Task input:
Section Powers.
Context {disp : Order.disp_t} {P : finPOrderType disp} {K : fieldType}.
Local Notation span A := (@monspan _ P K A).
Implicit Types (I : fracideal P K) (e k : int) (m : nat).

Lemma colon_span_S k : fieq (colon (span (S k))) (span (S (- k))).
Proof.
move=> q; split.
  by apply: colon_sub_monspan => //; [exists (base k); apply: S_base | apply: S_dual].
by apply: monspan_sub_colon => b a Sb Sa; rewrite -(addNr k); apply: S_add.
Qed.

Lemma prodI_span_S e m : e = 1 \/ e = -1 ->
  fieq (prodI (span (S e)) (span (S (e * m%:Z)))) (span (S (e * m.+1%:Z))).
Proof.
move=> he q; have eSm : e * m.+1%:Z = e + e * m%:Z by rewrite intS mulrDr mulr1.
split; first by apply: prodI_sub_monspan => a b Sa Sb; rewrite eSm; apply: S_add.
apply: monspan_sub_prodI => x Sx.
have [eta [Seta Srest]] := S_decomp (ltn0Sn m) he Sx.
exists eta, (x - eta); split => //; last by rewrite addrC subrK.
by move: Srest; rewrite eSm addrAC subrr add0r.
Qed.

Lemma opow_span_S I e m : e = 1 \/ e = -1 -> fieq I (span (S e)) ->
  fieq (opow I m) (span (S (e * m%:Z))).
Proof.
move=> he hI; elim: m => [|m IH]; first by rewrite mulr0.
exact: fieq_trans (prodI_fieq hI IH) (prodI_span_S m he).
Qed.

Lemma gpow_span_S I e m : e = 1 \/ e = -1 -> fieq I (span (S e)) ->
  fieq (gpow I m) (span (S (e * m%:Z))).
Proof.
move=> he hI; elim: m => [|m IH]; first by rewrite mulr0.
apply: fieq_trans
  (colon_fieq (colon_fieq (fieq_trans (prodI_fieq hI IH) (prodI_span_S m he)))) _.
apply: fieq_trans (colon_fieq (colon_span_S _)) _.
by rewrite -{2}(opprK (e * m.+1%:Z)); apply: colon_span_S.
Qed.

End Powers.

Theorem mainTheorem1 (disp : Order.disp_t) (P : finPOrderType disp)
  (K : fieldType) (n : nat) (hn : (0 < n)%N) :
  fieq (gpow (@omega disp P K) n) (opow (@omega disp P K) n) /\
  fieq (opow (@omega disp P K) n) (@monspan disp P K (@S disp P n%:Z)) /\
  fieq (gpow (colon (@omega disp P K)) n) (opow (colon (@omega disp P K)) n) /\
  fieq (opow (colon (@omega disp P K)) n) (@monspan disp P K (@S disp P (- n%:Z))).
Proof.
have omegaE : fieq (@omega disp P K) (monspan (S 1)) by [].
have colon_omegaE : fieq (colon (@omega disp P K)) (monspan (S (-1))).
  exact: colon_span_S.
have pos : (1 : int) = 1 \/ (1 : int) = -1 by left.
have neg : (-1 : int) = 1 \/ (-1 : int) = -1 by right.
have opow_pos := opow_span_S n pos omegaE; have gpow_pos := gpow_span_S n pos omegaE.
have opow_neg := opow_span_S n neg colon_omegaE.
have gpow_neg := gpow_span_S n neg colon_omegaE.
rewrite mul1r in opow_pos gpow_pos; rewrite mulN1r in opow_neg gpow_neg.
split; first exact: fieq_trans gpow_pos (fieq_sym opow_pos).
split; first exact: opow_pos.
by split; first exact: fieq_trans gpow_neg (fieq_sym opow_neg).
Qed.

Exercise details:
The whole listing above needs to be reproduced exactly.

The answer:
Section Powers.
Context {disp : Order.disp_t} {P : finPOrderType disp} {K : fieldType}.
Local Notation span A := (@monspan _ P K A).
Implicit Types (I : fracideal P K) (e k : int) (m : nat).

Lemma colon_span_S k : fieq (colon (span (S k))) (span (S (- k))).
Proof.
move=> q; split.
  by apply: colon_sub_monspan => //; [exists (base k); apply: S_base | apply: S_dual].
by apply: monspan_sub_colon => b a Sb Sa; rewrite -(addNr k); apply: S_add.
Qed.

Lemma prodI_span_S e m : e = 1 \/ e = -1 ->
  fieq (prodI (span (S e)) (span (S (e * m%:Z)))) (span (S (e * m.+1%:Z))).
Proof.
move=> he q; have eSm : e * m.+1%:Z = e + e * m%:Z by rewrite intS mulrDr mulr1.
split; first by apply: prodI_sub_monspan => a b Sa Sb; rewrite eSm; apply: S_add.
apply: monspan_sub_prodI => x Sx.
have [eta [Seta Srest]] := S_decomp (ltn0Sn m) he Sx.
exists eta, (x - eta); split => //; last by rewrite addrC subrK.
by move: Srest; rewrite eSm addrAC subrr add0r.
Qed.

Lemma opow_span_S I e m : e = 1 \/ e = -1 -> fieq I (span (S e)) ->
  fieq (opow I m) (span (S (e * m%:Z))).
Proof.
move=> he hI; elim: m => [|m IH]; first by rewrite mulr0.
exact: fieq_trans (prodI_fieq hI IH) (prodI_span_S m he).
Qed.

Lemma gpow_span_S I e m : e = 1 \/ e = -1 -> fieq I (span (S e)) ->
  fieq (gpow I m) (span (S (e * m%:Z))).
Proof.
move=> he hI; elim: m => [|m IH]; first by rewrite mulr0.
apply: fieq_trans
  (colon_fieq (colon_fieq (fieq_trans (prodI_fieq hI IH) (prodI_span_S m he)))) _.
apply: fieq_trans (colon_fieq (colon_span_S _)) _.
by rewrite -{2}(opprK (e * m.+1%:Z)); apply: colon_span_S.
Qed.

End Powers.

Theorem mainTheorem1 (disp : Order.disp_t) (P : finPOrderType disp)
  (K : fieldType) (n : nat) (hn : (0 < n)%N) :
  fieq (gpow (@omega disp P K) n) (opow (@omega disp P K) n) /\
  fieq (opow (@omega disp P K) n) (@monspan disp P K (@S disp P n%:Z)) /\
  fieq (gpow (colon (@omega disp P K)) n) (opow (colon (@omega disp P K)) n) /\
  fieq (opow (colon (@omega disp P K)) n) (@monspan disp P K (@S disp P (- n%:Z))).
Proof.
have omegaE : fieq (@omega disp P K) (monspan (S 1)) by [].
have colon_omegaE : fieq (colon (@omega disp P K)) (monspan (S (-1))).
  exact: colon_span_S.
have pos : (1 : int) = 1 \/ (1 : int) = -1 by left.
have neg : (-1 : int) = 1 \/ (-1 : int) = -1 by right.
have opow_pos := opow_span_S n pos omegaE; have gpow_pos := gpow_span_S n pos omegaE.
have opow_neg := opow_span_S n neg colon_omegaE.
have gpow_neg := gpow_span_S n neg colon_omegaE.
rewrite mul1r in opow_pos gpow_pos; rewrite mulN1r in opow_neg gpow_neg.
split; first exact: fieq_trans gpow_pos (fieq_sym opow_pos).
split; first exact: opow_pos.
by split; first exact: fieq_trans gpow_neg (fieq_sym opow_neg).
Qed.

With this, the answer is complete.